▸ TASK PROMPT
The whole listing below should be output again, word for word.

▸ EXERCISE DATA
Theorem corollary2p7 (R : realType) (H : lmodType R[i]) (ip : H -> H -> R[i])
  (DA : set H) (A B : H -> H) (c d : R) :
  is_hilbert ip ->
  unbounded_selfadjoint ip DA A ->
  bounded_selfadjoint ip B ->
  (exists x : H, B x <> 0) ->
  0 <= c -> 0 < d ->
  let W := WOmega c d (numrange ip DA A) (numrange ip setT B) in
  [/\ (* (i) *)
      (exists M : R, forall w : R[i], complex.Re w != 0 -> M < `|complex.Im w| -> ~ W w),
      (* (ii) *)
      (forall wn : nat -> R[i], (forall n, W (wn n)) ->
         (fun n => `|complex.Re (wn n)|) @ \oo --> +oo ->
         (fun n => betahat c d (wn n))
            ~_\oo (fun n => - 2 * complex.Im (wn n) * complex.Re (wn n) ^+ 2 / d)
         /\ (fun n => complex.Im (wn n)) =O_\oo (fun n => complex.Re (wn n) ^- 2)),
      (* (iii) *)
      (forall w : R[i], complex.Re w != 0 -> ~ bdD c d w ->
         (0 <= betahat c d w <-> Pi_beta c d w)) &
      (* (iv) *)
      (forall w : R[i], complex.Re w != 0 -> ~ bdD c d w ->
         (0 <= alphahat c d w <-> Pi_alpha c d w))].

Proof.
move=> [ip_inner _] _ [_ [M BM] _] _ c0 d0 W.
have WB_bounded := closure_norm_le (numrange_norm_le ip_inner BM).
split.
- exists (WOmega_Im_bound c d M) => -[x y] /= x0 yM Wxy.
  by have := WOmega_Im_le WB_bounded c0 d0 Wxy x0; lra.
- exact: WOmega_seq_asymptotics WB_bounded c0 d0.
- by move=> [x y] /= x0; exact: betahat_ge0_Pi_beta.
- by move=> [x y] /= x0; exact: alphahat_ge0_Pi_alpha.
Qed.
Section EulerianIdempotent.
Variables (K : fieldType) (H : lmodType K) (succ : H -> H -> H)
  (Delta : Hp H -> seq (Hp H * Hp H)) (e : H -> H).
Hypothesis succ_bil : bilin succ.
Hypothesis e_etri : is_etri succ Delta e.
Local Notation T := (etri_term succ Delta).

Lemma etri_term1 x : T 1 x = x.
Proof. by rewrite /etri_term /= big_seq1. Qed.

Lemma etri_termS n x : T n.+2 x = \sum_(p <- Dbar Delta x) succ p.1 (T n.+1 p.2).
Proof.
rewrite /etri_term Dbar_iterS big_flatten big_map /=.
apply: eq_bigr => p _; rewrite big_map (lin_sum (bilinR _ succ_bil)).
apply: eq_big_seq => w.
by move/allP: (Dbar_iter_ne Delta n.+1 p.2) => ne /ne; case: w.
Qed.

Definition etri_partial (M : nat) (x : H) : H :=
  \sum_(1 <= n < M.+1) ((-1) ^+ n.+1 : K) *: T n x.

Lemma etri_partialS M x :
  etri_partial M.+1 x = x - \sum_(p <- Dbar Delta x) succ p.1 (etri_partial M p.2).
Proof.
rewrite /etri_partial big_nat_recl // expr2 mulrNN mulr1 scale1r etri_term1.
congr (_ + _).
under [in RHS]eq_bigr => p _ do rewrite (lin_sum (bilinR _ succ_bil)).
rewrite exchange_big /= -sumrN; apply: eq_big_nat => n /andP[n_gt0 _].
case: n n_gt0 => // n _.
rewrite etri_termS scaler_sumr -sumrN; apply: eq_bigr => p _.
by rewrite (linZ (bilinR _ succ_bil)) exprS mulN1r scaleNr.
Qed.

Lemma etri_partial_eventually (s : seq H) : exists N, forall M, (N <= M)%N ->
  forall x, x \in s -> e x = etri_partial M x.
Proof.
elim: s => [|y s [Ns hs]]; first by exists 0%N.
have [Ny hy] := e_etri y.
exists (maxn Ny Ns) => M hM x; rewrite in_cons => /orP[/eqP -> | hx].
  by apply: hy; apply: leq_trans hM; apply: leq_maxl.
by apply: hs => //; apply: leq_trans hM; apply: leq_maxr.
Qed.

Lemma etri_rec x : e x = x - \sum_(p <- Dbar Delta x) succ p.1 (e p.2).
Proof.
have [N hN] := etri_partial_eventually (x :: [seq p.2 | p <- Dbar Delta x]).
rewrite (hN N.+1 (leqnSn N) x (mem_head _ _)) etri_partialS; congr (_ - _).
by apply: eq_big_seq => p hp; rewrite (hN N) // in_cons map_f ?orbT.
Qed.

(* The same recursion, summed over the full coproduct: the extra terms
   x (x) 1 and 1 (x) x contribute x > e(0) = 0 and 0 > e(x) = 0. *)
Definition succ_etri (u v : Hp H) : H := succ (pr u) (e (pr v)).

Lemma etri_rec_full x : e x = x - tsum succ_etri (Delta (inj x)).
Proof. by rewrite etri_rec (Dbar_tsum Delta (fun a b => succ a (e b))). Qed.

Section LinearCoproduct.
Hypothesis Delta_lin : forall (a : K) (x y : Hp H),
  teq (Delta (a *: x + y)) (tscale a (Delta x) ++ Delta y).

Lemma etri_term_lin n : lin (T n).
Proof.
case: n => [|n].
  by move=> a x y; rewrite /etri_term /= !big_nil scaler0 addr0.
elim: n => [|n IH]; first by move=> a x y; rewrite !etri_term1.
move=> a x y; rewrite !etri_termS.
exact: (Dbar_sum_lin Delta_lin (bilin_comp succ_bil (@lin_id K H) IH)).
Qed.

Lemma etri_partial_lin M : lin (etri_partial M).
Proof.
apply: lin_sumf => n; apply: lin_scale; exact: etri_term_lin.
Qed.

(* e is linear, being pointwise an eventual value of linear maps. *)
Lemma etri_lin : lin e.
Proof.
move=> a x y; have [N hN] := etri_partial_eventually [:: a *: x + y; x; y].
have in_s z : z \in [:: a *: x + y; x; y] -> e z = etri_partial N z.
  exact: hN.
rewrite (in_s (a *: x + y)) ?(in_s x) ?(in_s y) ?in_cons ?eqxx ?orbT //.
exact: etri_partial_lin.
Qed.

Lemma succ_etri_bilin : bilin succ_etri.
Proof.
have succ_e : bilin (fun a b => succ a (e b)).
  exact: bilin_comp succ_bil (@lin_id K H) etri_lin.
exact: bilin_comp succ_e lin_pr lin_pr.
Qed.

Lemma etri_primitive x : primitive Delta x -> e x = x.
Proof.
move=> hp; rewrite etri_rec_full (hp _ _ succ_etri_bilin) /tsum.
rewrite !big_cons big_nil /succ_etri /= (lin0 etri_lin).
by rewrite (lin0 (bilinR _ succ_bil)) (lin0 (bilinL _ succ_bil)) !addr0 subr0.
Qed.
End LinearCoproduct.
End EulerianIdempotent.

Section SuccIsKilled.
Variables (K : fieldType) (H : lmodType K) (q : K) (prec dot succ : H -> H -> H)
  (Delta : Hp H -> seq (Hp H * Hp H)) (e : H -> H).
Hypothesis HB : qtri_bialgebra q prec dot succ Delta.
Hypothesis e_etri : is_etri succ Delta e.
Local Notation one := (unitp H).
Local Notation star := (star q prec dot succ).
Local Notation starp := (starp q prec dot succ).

▸ FINISHED TASK
Theorem corollary2p7 (R : realType) (H : lmodType R[i]) (ip : H -> H -> R[i])
  (DA : set H) (A B : H -> H) (c d : R) :
  is_hilbert ip ->
  unbounded_selfadjoint ip DA A ->
  bounded_selfadjoint ip B ->
  (exists x : H, B x <> 0) ->
  0 <= c -> 0 < d ->
  let W := WOmega c d (numrange ip DA A) (numrange ip setT B) in
  [/\ (* (i) *)
      (exists M : R, forall w : R[i], complex.Re w != 0 -> M < `|complex.Im w| -> ~ W w),
      (* (ii) *)
      (forall wn : nat -> R[i], (forall n, W (wn n)) ->
         (fun n => `|complex.Re (wn n)|) @ \oo --> +oo ->
         (fun n => betahat c d (wn n))
            ~_\oo (fun n => - 2 * complex.Im (wn n) * complex.Re (wn n) ^+ 2 / d)
         /\ (fun n => complex.Im (wn n)) =O_\oo (fun n => complex.Re (wn n) ^- 2)),
      (* (iii) *)
      (forall w : R[i], complex.Re w != 0 -> ~ bdD c d w ->
         (0 <= betahat c d w <-> Pi_beta c d w)) &
      (* (iv) *)
      (forall w : R[i], complex.Re w != 0 -> ~ bdD c d w ->
         (0 <= alphahat c d w <-> Pi_alpha c d w))].

Proof.
move=> [ip_inner _] _ [_ [M BM] _] _ c0 d0 W.
have WB_bounded := closure_norm_le (numrange_norm_le ip_inner BM).
split.
- exists (WOmega_Im_bound c d M) => -[x y] /= x0 yM Wxy.
  by have := WOmega_Im_le WB_bounded c0 d0 Wxy x0; lra.
- exact: WOmega_seq_asymptotics WB_bounded c0 d0.
- by move=> [x y] /= x0; exact: betahat_ge0_Pi_beta.
- by move=> [x y] /= x0; exact: alphahat_ge0_Pi_alpha.
Qed.
Section EulerianIdempotent.
Variables (K : fieldType) (H : lmodType K) (succ : H -> H -> H)
  (Delta : Hp H -> seq (Hp H * Hp H)) (e : H -> H).
Hypothesis succ_bil : bilin succ.
Hypothesis e_etri : is_etri succ Delta e.
Local Notation T := (etri_term succ Delta).

Lemma etri_term1 x : T 1 x = x.
Proof. by rewrite /etri_term /= big_seq1. Qed.

Lemma etri_termS n x : T n.+2 x = \sum_(p <- Dbar Delta x) succ p.1 (T n.+1 p.2).
Proof.
rewrite /etri_term Dbar_iterS big_flatten big_map /=.
apply: eq_bigr => p _; rewrite big_map (lin_sum (bilinR _ succ_bil)).
apply: eq_big_seq => w.
by move/allP: (Dbar_iter_ne Delta n.+1 p.2) => ne /ne; case: w.
Qed.

Definition etri_partial (M : nat) (x : H) : H :=
  \sum_(1 <= n < M.+1) ((-1) ^+ n.+1 : K) *: T n x.

Lemma etri_partialS M x :
  etri_partial M.+1 x = x - \sum_(p <- Dbar Delta x) succ p.1 (etri_partial M p.2).
Proof.
rewrite /etri_partial big_nat_recl // expr2 mulrNN mulr1 scale1r etri_term1.
congr (_ + _).
under [in RHS]eq_bigr => p _ do rewrite (lin_sum (bilinR _ succ_bil)).
rewrite exchange_big /= -sumrN; apply: eq_big_nat => n /andP[n_gt0 _].
case: n n_gt0 => // n _.
rewrite etri_termS scaler_sumr -sumrN; apply: eq_bigr => p _.
by rewrite (linZ (bilinR _ succ_bil)) exprS mulN1r scaleNr.
Qed.

Lemma etri_partial_eventually (s : seq H) : exists N, forall M, (N <= M)%N ->
  forall x, x \in s -> e x = etri_partial M x.
Proof.
elim: s => [|y s [Ns hs]]; first by exists 0%N.
have [Ny hy] := e_etri y.
exists (maxn Ny Ns) => M hM x; rewrite in_cons => /orP[/eqP -> | hx].
  by apply: hy; apply: leq_trans hM; apply: leq_maxl.
by apply: hs => //; apply: leq_trans hM; apply: leq_maxr.
Qed.

Lemma etri_rec x : e x = x - \sum_(p <- Dbar Delta x) succ p.1 (e p.2).
Proof.
have [N hN] := etri_partial_eventually (x :: [seq p.2 | p <- Dbar Delta x]).
rewrite (hN N.+1 (leqnSn N) x (mem_head _ _)) etri_partialS; congr (_ - _).
by apply: eq_big_seq => p hp; rewrite (hN N) // in_cons map_f ?orbT.
Qed.

(* The same recursion, summed over the full coproduct: the extra terms
   x (x) 1 and 1 (x) x contribute x > e(0) = 0 and 0 > e(x) = 0. *)
Definition succ_etri (u v : Hp H) : H := succ (pr u) (e (pr v)).

Lemma etri_rec_full x : e x = x - tsum succ_etri (Delta (inj x)).
Proof. by rewrite etri_rec (Dbar_tsum Delta (fun a b => succ a (e b))). Qed.

Section LinearCoproduct.
Hypothesis Delta_lin : forall (a : K) (x y : Hp H),
  teq (Delta (a *: x + y)) (tscale a (Delta x) ++ Delta y).

Lemma etri_term_lin n : lin (T n).
Proof.
case: n => [|n].
  by move=> a x y; rewrite /etri_term /= !big_nil scaler0 addr0.
elim: n => [|n IH]; first by move=> a x y; rewrite !etri_term1.
move=> a x y; rewrite !etri_termS.
exact: (Dbar_sum_lin Delta_lin (bilin_comp succ_bil (@lin_id K H) IH)).
Qed.

Lemma etri_partial_lin M : lin (etri_partial M).
Proof.
apply: lin_sumf => n; apply: lin_scale; exact: etri_term_lin.
Qed.

(* e is linear, being pointwise an eventual value of linear maps. *)
Lemma etri_lin : lin e.
Proof.
move=> a x y; have [N hN] := etri_partial_eventually [:: a *: x + y; x; y].
have in_s z : z \in [:: a *: x + y; x; y] -> e z = etri_partial N z.
  exact: hN.
rewrite (in_s (a *: x + y)) ?(in_s x) ?(in_s y) ?in_cons ?eqxx ?orbT //.
exact: etri_partial_lin.
Qed.

Lemma succ_etri_bilin : bilin succ_etri.
Proof.
have succ_e : bilin (fun a b => succ a (e b)).
  exact: bilin_comp succ_bil (@lin_id K H) etri_lin.
exact: bilin_comp succ_e lin_pr lin_pr.
Qed.

Lemma etri_primitive x : primitive Delta x -> e x = x.
Proof.
move=> hp; rewrite etri_rec_full (hp _ _ succ_etri_bilin) /tsum.
rewrite !big_cons big_nil /succ_etri /= (lin0 etri_lin).
by rewrite (lin0 (bilinR _ succ_bil)) (lin0 (bilinL _ succ_bil)) !addr0 subr0.
Qed.
End LinearCoproduct.
End EulerianIdempotent.

Section SuccIsKilled.
Variables (K : fieldType) (H : lmodType K) (q : K) (prec dot succ : H -> H -> H)
  (Delta : Hp H -> seq (Hp H * Hp H)) (e : H -> H).
Hypothesis HB : qtri_bialgebra q prec dot succ Delta.
Hypothesis e_etri : is_etri succ Delta e.
Local Notation one := (unitp H).
Local Notation star := (star q prec dot succ).
Local Notation starp := (starp q prec dot succ).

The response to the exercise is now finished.